(* Orienting each disagreeing arc from its smaller to its larger end is
   injective since [d] is acyclic, and lands in the edges of [g]. *)
Lemma card_disagree_le d e : acyclic d -> has_skeleton d g ->
  #|disagree d e| <= num_edges g.
Proof.
move=> hd hsk.
pose f (p : 'I_n * 'I_n) := if p.1 < p.2 then p else (p.2, p.1).
have inj : {in disagree d e &, injective f}.
  move=> [a b] [a' b']; rewrite !inE /=.
  case/andP=> dab _; case/andP=> dab' _.
  rewrite /f /=.
  case: ltnP => h; case: ltnP => h' //.
  - by case=> e1 e2; subst; move: (acyclic_asym hd dab); rewrite dab'.
  - by case=> e1 e2; subst; move: (acyclic_asym hd dab); rewrite dab'.
  - by case=> -> ->.
rewrite -(card_in_imset inj); apply/subset_leq_card/subsetP => q.
case/imsetP=> [[a b] /[!inE] /andP [dab _] ->].
have ab := acyclic_neq hd dab.
rewrite /f /=; case: (ltnP a b) => hab /=; first by rewrite hab -hsk dab.
by rewrite -hsk dab orbT andbT ltn_neqAle hab andbT eq_sym.
Qed.

End Disagreement.

Lemma walk_to_char_imset (R : realFieldType) n (g d' : rel 'I_n) :
  acyclic d' -> has_skeleton d' g ->
  forall k d, acyclic d -> has_skeleton d g -> #|disagree d d'| <= k ->
  exists s : seq (pt R n), size s <= k /\ walk (@CIM R n g) (char_imset R d) s /\
    last (char_imset R d) s = char_imset R d'.
Proof.
move=> hd' hsk'; elim=> [|k IH] d hd hsk hk.
  exists [::]; split => //; split => //=.
  apply: eq_char_imset => S; apply: eq_cim; apply: (disagree0 hd' hsk hsk').
  by apply/eqP; rewrite -leqn0.
case: (posnP #|disagree d d'|) => [h0|hp].
  exists [::]; split => //; split => //=.
  by apply: eq_char_imset => S; apply: eq_cim; apply: (disagree0 hd' hsk hsk').
have [[p1 p2]] := card_gt0P hp; rewrite inE /= => /andP [dp nd'p].
have hsk_eq a b : d a b || d b a = d' a b || d' b a by rewrite hsk hsk'.
have [x [y [dxy nd'xy hrev]]] := exists_reversible_arc hd hd' hsk_eq dp nd'p.
have r := rev_arc_reversal hd hsk dxy hrev.
have hk1 : #|disagree (rev_arc d x y) d'| <= k.
  by rewrite (card_disagree_rev_arc hd hsk hsk' dxy nd'xy) -ltnS (ltn_predK hp).
have [s [hs [hw hl]]] := IH _ hrev (rev_arc_skel hd hsk dxy) hk1.
case: (eqVneq (char_imset R d) (char_imset R (rev_arc d x y))) => [eq|ne].
  by exists s; rewrite eq; split => //; apply: leq_trans hs _.
exists (char_imset R (rev_arc d x y) :: s); split => //; split => //.
by split; [exact: reversal_adjacent r ne | exact: hw].
Qed.

Theorem mainTheorem1 (R : realFieldType) (n : nat) (g : rel 'I_n) :
  simple_graph g -> @diam_le R n (@CIM R n g) (num_edges g).
Proof.
move=> _ x y hx hy.
have [d [hd [hsk ->]]] := vertex_conv_mem hx.
have [d' [hd' [hsk' ->]]] := vertex_conv_mem hy.
exact: (walk_to_char_imset R hd' hsk' hd hsk (card_disagree_le d' hd hsk)).
Qed.
(* Let $\mathbb{A}=(\mathbb{L},(\lozenge_i)_{i\in\mathsf{Ag}},(\Box_i)_{i\in\mathsf{Ag}})$ be an epistemic Heyting algebra and let $\mathbb{E}=(E,(\sim_i)_{i\in\mathsf{Ag}},(P_i)_{i\in\mathsf{Ag}},\Phi,\mathsf{pre})$ be a probabilistic event structure over $\mathbb{A}$. Then the intermediate algebra $\prod_{\mathbb{E}}\mathbb{A}$ is an epistemic Heyting algebra.
   Context: Fix a set $\mathsf{Ag}$ of agents. A monadic Heyting algebra is a Heyting algebra $\mathbb{L}$ with, for each $i\in\mathsf{Ag}$, monotone unary operations $\lozenge_i,\Box_i$ such that for all $a,b$: $a\leq\lozenge_i a$; $\Box_i a\leq a$; $\lozenge_i(a\vee b)\leq\lozenge_i a\vee\lozenge_i b$; $\Box_i(a\to b)\leq\Box_i a\to\Box_i b$; $\lozenge_i a\leq\Box_i\lozenge_i a$; $\lozenge_i\Box_i a\leq\Box_i a$; $\Box_i(a\to b)\leq\lozenge_i a\to\lozenge_i b$; $\lozenge_i\bot\leq\bot$; $\top\leq\Box_i\top$. An epistemic Heyting algebra is a finite monadic Heyting algebra with $\lozenge_i a\vee\neg\lozenge_i a=\top$ for all $i,a$. A pre-ordered multiset on a set $X$ is a multiset of elements of $X$ in which the $n$ copies $x_1,\dots,x_n$ of any element $x$ of multiplicity $n$ carry the linear order $x_1\prec\cdots\prec x_n$. A probabilistic event structure over $\mathbb{A}$ is a tuple $(E,(\sim_i),(P_i),\Phi,\mathsf{pre})$ where: $E$ is a non-empty finite set; each $\sim_i$ is an equivalence relation on $E$; each $P_i:E\to\,]0,1]$ satisfies $\sum\{P_i(e')\mid e'\sim_i e\}=1$ for all $e$; $\Phi$ is a finite pre-ordered multiset on $\mathbb{A}$ such that any $a,b\in\Phi$ arising from distinct elements of $\mathbb{A}$ satisfy $a\wedge b=\bot$ or $a<b$ or $b<a$; $\mathsf{pre}$ assigns to each $a\in\Phi$ a probability distribution $\mathsf{pre}(\bullet\mid a)$ on $E$; and for all $a\in\Phi$, $e\in E$, if $\mathsf{pre}(e\mid a)=0$ then $\mathsf{pre}(e\mid b)=0$ for all $b\in\Phi$ with $a<b$ (if $a,b$ arise from distinct elements) or $a\prec b$ (if they are copies of the same element). The intermediate algebra $\prod_{\mathbb{E}}\mathbb{A}=(\prod_{|E|}\mathbb{L},(\lozenge'_i),(\Box'_i))$ has as carrier the set of all maps $f:E\to\mathbb{A}$ with the pointwise Heyting algebra operations, and $(\lozenge'_i f)(e)=\bigvee\{\lozenge_i f(e')\mid e'\sim_i e\}$, $(\Box'_i f)(e)=\bigwedge\{\Box_i f(e')\mid e'\sim_i e\}$. *)

From Stdlib Require Import Reals List.
From mathcomp Require Import all_boot all_order all_algebra.
From mathcomp Require Import Rstruct.
Set Implicit Arguments. Unset Strict Implicit. Unset Printing Implicit Defensive.
Import GRing.Theory Num.Theory.

Record HAops (T : Type) := HAOps {
  hle : T -> T -> Prop;
  hmeet : T -> T -> T;
  hjoin : T -> T -> T;
  himpl : T -> T -> T;
  hbot : T;
  htop : T }.

Definition is_heyting (T : Type) (O : HAops T) : Prop :=
  ((forall a, hle O a a) /\
      (forall a b c, hle O a b -> hle O b c -> hle O a c) /\
      (forall a b, hle O a b -> hle O b a -> a = b) /\
      (forall a b, hle O (hmeet O a b) a /\ hle O (hmeet O a b) b /\
         forall c, hle O c a -> hle O c b -> hle O c (hmeet O a b)) /\
      (forall a b, hle O a (hjoin O a b) /\ hle O b (hjoin O a b) /\
         forall c, hle O a c -> hle O b c -> hle O (hjoin O a b) c) /\
      (forall a, hle O (hbot O) a /\ hle O a (htop O)) /\
      (forall a b c, hle O (hmeet O c a) b <-> hle O c (himpl O a b))).

Definition hneg (T : Type) (O : HAops T) (a : T) : T := himpl O a (hbot O).
Definition hlt (T : Type) (O : HAops T) (a b : T) : Prop := hle O a b /\ a <> b.

Definition is_monadic_HA (Ag T : Type) (O : HAops T) (dia box : Ag -> T -> T)
  : Prop :=
  is_heyting O /\
  forall i : Ag,
    ((forall a b, hle O a b -> hle O (dia i a) (dia i b)) /\
      (forall a b, hle O a b -> hle O (box i a) (box i b)) /\
      (forall a, hle O a (dia i a)) /\
      (forall a, hle O (box i a) a) /\
      (forall a b, hle O (dia i (hjoin O a b)) (hjoin O (dia i a) (dia i b))) /\
      (forall a b, hle O (box i (himpl O a b)) (himpl O (box i a) (box i b))) /\
      (forall a, hle O (dia i a) (box i (dia i a))) /\
      (forall a, hle O (dia i (box i a)) (box i a)) /\
      (forall a b, hle O (box i (himpl O a b)) (himpl O (dia i a) (dia i b))) /\
      (hle O (dia i (hbot O)) (hbot O)) /\
      (hle O (htop O) (box i (htop O)))).

Definition finite_carrier (T : Type) : Prop := exists s : list T, forall x, In x s.

Definition is_epistemic_HA (Ag T : Type) (O : HAops T) (dia box : Ag -> T -> T)
  : Prop :=
  [/\ finite_carrier T, is_monadic_HA O dia box &
      forall i a, hjoin O (dia i a) (hneg O (dia i a)) = htop O].

(* E is a finite type; sim i is the (boolean) relation ~_i; P i the
   probability assignment; the finite pre-ordered multiset Phi is given as
   a family phi : 'I_n -> T (element k of Phi is the value phi k); copies
   of the same element are linearly ordered by their position (k < l);
   pre k is the distribution pre(. | phi k) on E. *)
Definition prob_event_structure (Ag T : Type) (O : HAops T)
  (E : finType) (sim : Ag -> rel E) (P : Ag -> E -> R)
  (n : nat) (phi : 'I_n -> T) (pre : 'I_n -> E -> R) : Prop :=
  ((0 < #|E|)%N /\
      (forall i, [/\ reflexive (sim i), symmetric (sim i) & transitive (sim i)]) /\
      (forall i e, (0 < P i e)%R /\ (P i e <= 1)%R) /\
      (forall i e, (\sum_(e' | sim i e' e) P i e')%R = 1%R) /\
      (forall k l, phi k <> phi l ->
         hmeet O (phi k) (phi l) = hbot O \/ hlt O (phi k) (phi l)
         \/ hlt O (phi l) (phi k)) /\
      (forall k, (forall e, (0 <= pre k e)%R) /\ (\sum_e pre k e)%R = 1%R) /\
      (forall k l e, pre k e = 0%R ->
         (phi k <> phi l /\ hlt O (phi k) (phi l)) \/
         (phi k = phi l /\ (k < l)%N) ->
         pre l e = 0%R)).

Definition pointwise_ops (T : Type) (O : HAops T) (E : finType)
  : HAops (E -> T) :=
  HAOps (fun f g => forall e, hle O (f e) (g e))
        (fun f g e => hmeet O (f e) (g e))
        (fun f g e => hjoin O (f e) (g e))
        (fun f g e => himpl O (f e) (g e))
        (fun _ => hbot O) (fun _ => htop O).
⁂
Taking the entries above, write out exactly the lines starting with the line containing "Lemma card_disagree_le d" and going on through the line containing "acyclic d' -> has_skeleton d' g ->", both included, and nothing else.

Lemma card_disagree_le d e : acyclic d -> has_skeleton d g ->
  #|disagree d e| <= num_edges g.
Proof.
move=> hd hsk.
pose f (p : 'I_n * 'I_n) := if p.1 < p.2 then p else (p.2, p.1).
have inj : {in disagree d e &, injective f}.
  move=> [a b] [a' b']; rewrite !inE /=.
  case/andP=> dab _; case/andP=> dab' _.
  rewrite /f /=.
  case: ltnP => h; case: ltnP => h' //.
  - by case=> e1 e2; subst; move: (acyclic_asym hd dab); rewrite dab'.
  - by case=> e1 e2; subst; move: (acyclic_asym hd dab); rewrite dab'.
  - by case=> -> ->.
rewrite -(card_in_imset inj); apply/subset_leq_card/subsetP => q.
case/imsetP=> [[a b] /[!inE] /andP [dab _] ->].
have ab := acyclic_neq hd dab.
rewrite /f /=; case: (ltnP a b) => hab /=; first by rewrite hab -hsk dab.
by rewrite -hsk dab orbT andbT ltn_neqAle hab andbT eq_sym.
Qed.

End Disagreement.

Lemma walk_to_char_imset (R : realFieldType) n (g d' : rel 'I_n) :
  acyclic d' -> has_skeleton d' g ->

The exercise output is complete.